Information shown:

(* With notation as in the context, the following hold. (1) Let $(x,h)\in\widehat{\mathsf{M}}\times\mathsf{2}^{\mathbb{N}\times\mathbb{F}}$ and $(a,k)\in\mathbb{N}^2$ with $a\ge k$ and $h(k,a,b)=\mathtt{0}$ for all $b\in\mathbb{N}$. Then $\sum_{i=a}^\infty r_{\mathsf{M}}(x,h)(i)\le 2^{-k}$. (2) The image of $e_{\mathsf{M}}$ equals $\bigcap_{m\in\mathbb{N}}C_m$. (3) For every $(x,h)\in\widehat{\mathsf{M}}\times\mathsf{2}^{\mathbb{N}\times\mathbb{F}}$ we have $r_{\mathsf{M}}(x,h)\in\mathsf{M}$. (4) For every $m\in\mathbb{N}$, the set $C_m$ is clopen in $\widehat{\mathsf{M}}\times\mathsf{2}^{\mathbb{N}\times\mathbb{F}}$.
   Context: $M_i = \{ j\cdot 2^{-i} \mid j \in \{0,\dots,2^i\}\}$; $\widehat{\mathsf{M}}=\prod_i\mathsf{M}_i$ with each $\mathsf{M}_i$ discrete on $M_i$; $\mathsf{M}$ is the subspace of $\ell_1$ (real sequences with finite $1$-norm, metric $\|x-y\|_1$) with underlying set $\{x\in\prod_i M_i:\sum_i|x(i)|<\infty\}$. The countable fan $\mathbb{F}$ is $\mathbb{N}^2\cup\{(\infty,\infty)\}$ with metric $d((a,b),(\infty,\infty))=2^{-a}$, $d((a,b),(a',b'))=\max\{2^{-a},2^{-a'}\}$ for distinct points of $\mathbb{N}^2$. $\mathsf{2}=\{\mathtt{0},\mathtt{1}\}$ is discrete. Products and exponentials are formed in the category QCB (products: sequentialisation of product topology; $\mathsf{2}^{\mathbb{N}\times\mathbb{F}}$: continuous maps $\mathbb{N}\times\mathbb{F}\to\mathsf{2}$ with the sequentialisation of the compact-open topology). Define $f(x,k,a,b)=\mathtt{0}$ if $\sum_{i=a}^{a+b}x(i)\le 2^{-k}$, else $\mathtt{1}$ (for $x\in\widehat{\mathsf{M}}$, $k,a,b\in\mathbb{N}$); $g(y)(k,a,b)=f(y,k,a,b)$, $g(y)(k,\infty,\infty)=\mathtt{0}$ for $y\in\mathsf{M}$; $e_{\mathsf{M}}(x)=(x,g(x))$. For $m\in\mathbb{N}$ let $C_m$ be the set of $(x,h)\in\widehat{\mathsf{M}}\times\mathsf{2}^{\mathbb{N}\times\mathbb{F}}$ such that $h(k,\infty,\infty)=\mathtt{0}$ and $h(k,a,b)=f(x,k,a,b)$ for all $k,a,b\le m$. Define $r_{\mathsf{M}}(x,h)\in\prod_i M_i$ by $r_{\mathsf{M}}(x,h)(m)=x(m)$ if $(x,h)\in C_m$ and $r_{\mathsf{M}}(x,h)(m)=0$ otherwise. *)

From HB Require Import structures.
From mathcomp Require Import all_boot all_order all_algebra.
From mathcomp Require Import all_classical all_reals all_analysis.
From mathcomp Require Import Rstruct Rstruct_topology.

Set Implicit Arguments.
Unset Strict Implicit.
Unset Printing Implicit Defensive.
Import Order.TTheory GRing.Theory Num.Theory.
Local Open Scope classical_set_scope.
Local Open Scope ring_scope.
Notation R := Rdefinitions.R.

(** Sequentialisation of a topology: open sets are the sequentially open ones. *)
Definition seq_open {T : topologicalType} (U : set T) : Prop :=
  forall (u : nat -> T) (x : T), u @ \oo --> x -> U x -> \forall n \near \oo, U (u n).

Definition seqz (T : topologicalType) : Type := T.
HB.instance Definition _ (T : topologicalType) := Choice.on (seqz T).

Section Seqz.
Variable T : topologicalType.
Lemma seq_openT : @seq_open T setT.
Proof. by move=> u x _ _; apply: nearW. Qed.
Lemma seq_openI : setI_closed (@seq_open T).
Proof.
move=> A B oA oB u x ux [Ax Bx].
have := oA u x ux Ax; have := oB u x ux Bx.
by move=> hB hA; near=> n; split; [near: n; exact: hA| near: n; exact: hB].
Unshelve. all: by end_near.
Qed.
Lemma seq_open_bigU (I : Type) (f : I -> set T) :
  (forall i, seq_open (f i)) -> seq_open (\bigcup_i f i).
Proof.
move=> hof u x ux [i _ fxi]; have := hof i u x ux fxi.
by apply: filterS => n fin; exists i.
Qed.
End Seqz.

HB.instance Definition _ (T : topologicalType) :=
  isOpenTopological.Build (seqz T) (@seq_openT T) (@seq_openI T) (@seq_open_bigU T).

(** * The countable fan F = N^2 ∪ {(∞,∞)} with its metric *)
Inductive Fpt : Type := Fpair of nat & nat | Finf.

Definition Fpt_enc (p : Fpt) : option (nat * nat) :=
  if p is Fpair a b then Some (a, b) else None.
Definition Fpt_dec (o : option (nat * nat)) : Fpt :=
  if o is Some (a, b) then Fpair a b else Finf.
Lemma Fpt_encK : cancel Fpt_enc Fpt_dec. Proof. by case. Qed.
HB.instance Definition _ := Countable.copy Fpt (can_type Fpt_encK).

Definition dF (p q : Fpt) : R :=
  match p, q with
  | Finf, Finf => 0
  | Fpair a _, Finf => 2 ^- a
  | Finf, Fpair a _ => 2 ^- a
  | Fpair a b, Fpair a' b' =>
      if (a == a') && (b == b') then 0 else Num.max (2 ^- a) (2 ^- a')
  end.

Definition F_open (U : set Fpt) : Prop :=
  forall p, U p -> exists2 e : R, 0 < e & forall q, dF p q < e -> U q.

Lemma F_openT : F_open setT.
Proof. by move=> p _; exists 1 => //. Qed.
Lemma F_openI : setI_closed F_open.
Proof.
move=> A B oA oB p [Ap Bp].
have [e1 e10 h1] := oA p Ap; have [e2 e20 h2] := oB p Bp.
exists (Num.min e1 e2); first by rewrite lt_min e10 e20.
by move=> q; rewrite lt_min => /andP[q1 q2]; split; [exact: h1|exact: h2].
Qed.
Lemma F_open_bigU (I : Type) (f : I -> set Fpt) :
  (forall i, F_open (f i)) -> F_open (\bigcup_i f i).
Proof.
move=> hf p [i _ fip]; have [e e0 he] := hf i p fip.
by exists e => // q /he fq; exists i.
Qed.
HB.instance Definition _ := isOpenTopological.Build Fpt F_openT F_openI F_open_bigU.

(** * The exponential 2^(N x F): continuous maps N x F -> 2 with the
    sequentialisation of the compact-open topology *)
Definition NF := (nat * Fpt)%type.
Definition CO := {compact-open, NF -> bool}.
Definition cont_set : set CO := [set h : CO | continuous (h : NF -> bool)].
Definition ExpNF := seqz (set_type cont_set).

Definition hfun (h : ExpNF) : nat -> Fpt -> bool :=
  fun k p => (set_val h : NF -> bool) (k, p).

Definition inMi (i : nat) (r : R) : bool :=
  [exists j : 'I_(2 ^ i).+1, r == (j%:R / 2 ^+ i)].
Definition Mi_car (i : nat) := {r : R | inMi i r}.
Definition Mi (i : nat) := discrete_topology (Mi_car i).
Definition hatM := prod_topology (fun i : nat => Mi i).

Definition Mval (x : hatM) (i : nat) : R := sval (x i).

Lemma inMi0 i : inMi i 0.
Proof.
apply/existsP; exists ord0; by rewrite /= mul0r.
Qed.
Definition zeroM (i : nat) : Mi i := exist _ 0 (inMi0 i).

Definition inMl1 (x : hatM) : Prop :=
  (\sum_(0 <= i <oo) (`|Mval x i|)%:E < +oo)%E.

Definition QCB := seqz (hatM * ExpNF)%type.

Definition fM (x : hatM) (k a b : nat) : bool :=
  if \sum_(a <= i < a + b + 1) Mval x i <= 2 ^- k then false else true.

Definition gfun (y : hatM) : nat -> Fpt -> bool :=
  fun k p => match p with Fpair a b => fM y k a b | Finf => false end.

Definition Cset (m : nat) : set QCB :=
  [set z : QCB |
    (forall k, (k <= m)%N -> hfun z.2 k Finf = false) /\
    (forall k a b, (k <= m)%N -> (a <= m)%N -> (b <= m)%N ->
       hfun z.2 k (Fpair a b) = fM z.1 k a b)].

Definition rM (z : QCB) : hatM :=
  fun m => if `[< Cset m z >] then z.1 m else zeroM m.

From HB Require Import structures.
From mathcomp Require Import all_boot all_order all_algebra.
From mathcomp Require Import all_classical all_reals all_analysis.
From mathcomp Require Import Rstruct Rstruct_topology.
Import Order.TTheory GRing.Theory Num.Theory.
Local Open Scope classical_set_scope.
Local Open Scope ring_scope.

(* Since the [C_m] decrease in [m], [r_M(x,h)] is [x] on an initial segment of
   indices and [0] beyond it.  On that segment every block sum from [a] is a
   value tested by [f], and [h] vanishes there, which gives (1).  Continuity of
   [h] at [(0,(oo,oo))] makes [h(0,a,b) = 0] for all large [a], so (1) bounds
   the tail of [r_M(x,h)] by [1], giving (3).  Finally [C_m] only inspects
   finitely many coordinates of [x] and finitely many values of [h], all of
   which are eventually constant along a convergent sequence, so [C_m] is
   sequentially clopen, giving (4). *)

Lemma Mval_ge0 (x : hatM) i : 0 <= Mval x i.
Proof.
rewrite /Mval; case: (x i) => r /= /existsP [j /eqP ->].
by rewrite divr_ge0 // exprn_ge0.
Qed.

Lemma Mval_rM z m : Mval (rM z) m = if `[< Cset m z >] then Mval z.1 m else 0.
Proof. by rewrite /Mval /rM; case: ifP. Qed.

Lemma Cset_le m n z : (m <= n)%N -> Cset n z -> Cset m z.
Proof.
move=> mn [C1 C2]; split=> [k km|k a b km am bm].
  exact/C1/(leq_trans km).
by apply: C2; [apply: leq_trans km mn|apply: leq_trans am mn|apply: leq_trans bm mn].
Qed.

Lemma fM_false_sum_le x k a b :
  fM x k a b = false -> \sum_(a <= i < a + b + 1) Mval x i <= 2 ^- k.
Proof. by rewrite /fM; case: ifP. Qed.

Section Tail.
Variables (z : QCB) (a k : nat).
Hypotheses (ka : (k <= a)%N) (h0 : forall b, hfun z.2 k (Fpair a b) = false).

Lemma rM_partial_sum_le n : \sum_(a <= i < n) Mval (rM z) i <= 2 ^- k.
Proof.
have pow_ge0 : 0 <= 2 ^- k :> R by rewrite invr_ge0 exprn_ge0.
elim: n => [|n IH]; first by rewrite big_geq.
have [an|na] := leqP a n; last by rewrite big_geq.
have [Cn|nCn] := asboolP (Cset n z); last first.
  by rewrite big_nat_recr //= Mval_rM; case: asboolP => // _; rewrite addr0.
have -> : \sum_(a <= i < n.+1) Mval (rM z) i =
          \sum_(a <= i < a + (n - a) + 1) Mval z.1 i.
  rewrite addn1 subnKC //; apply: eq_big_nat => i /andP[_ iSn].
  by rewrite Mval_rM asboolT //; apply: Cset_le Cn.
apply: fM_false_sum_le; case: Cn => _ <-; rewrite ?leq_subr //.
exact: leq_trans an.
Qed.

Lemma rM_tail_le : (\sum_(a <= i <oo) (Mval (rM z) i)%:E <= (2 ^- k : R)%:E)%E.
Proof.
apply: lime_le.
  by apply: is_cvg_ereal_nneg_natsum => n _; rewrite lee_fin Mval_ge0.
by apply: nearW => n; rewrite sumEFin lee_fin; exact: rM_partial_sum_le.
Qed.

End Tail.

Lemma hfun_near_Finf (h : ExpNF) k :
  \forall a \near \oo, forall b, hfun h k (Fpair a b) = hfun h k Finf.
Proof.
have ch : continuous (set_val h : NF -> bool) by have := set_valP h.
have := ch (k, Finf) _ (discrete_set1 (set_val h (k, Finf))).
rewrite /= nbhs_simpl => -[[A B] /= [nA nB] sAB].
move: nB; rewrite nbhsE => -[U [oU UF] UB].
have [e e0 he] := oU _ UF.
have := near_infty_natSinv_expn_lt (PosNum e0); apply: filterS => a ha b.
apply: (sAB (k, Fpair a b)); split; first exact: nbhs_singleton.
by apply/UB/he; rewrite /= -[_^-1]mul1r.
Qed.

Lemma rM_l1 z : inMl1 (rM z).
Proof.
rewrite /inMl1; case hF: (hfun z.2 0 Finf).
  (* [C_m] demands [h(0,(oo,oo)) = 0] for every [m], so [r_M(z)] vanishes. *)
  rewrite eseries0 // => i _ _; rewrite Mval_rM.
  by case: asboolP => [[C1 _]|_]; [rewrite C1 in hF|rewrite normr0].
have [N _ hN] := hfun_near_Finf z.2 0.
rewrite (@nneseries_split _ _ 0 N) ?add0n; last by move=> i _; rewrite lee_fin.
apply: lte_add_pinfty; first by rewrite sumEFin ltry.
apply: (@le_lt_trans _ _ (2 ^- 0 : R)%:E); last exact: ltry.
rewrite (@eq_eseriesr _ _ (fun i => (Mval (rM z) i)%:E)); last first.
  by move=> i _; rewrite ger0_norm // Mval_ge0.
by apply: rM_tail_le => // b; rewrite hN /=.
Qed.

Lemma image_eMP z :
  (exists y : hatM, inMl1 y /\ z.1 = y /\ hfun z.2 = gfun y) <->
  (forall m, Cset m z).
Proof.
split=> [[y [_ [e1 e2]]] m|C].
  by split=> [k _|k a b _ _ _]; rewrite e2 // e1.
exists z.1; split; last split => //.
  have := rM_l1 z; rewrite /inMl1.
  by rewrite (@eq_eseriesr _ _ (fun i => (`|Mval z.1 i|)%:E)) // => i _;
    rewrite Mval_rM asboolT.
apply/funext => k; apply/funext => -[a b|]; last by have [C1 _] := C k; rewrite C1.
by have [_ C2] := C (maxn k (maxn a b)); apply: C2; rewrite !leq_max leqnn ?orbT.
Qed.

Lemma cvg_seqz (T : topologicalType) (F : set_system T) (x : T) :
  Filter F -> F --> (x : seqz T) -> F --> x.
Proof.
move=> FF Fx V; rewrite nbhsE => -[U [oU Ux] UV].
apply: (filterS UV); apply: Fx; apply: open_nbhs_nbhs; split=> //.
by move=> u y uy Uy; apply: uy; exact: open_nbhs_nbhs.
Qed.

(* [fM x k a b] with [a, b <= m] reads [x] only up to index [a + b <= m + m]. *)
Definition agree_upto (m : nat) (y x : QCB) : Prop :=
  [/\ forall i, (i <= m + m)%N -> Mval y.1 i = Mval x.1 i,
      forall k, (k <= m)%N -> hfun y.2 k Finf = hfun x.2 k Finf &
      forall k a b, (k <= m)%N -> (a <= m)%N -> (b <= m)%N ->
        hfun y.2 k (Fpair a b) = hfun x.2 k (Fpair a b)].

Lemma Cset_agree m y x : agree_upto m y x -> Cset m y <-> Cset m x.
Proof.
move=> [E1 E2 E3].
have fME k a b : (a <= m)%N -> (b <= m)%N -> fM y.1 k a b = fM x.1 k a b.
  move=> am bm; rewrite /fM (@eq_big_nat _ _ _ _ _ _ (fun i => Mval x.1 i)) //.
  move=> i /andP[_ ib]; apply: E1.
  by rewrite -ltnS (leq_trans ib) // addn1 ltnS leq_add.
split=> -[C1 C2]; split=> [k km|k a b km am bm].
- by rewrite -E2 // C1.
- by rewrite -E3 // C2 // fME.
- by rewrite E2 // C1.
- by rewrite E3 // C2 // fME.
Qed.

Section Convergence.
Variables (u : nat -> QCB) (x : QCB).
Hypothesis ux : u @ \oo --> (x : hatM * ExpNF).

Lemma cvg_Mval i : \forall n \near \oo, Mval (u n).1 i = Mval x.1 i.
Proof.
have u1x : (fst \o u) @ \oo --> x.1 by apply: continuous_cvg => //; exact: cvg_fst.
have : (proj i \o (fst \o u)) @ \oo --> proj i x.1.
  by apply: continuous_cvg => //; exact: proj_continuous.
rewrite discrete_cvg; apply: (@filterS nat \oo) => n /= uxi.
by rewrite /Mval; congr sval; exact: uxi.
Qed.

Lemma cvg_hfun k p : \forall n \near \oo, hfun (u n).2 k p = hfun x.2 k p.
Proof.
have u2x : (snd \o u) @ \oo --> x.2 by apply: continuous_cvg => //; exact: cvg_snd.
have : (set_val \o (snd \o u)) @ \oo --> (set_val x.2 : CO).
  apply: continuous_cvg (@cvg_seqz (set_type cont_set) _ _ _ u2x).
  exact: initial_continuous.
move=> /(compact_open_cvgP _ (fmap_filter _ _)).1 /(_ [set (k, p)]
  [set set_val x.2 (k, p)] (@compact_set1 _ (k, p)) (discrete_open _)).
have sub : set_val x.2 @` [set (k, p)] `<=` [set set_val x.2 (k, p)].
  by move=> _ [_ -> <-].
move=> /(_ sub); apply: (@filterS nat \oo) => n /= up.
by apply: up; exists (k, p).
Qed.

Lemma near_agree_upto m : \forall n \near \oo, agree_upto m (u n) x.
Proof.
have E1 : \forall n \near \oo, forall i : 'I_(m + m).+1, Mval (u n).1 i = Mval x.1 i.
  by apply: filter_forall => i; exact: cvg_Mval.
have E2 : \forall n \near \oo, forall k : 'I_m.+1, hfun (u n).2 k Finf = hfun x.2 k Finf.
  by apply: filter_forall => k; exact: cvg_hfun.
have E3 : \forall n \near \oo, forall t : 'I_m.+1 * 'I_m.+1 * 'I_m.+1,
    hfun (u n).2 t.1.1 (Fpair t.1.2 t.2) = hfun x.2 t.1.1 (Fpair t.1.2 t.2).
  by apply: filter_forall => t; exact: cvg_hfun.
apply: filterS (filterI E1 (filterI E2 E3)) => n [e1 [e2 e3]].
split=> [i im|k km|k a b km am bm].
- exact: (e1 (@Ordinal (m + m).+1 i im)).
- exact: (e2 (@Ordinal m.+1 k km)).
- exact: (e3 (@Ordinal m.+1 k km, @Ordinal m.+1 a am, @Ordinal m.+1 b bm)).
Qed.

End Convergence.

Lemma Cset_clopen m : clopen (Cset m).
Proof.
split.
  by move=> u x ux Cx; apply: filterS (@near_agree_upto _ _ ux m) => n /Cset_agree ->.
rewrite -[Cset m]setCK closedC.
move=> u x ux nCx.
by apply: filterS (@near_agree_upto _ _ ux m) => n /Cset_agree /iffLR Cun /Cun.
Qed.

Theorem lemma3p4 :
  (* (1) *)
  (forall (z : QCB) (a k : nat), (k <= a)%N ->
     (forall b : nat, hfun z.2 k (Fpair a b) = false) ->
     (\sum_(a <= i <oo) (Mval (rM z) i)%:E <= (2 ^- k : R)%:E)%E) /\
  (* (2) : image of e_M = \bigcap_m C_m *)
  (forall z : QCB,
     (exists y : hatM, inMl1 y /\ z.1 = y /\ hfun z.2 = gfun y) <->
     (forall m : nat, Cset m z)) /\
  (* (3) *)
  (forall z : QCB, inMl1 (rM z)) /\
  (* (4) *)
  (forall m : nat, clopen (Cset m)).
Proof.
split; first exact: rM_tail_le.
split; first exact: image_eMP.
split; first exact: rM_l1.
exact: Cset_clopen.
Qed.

Task goal: Search the material above for "Some". Pull out each line where it shows up.

Written response:
  if p is Fpair a b then Some (a, b) else None.
  if o is Some (a, b) then Fpair a b else Finf.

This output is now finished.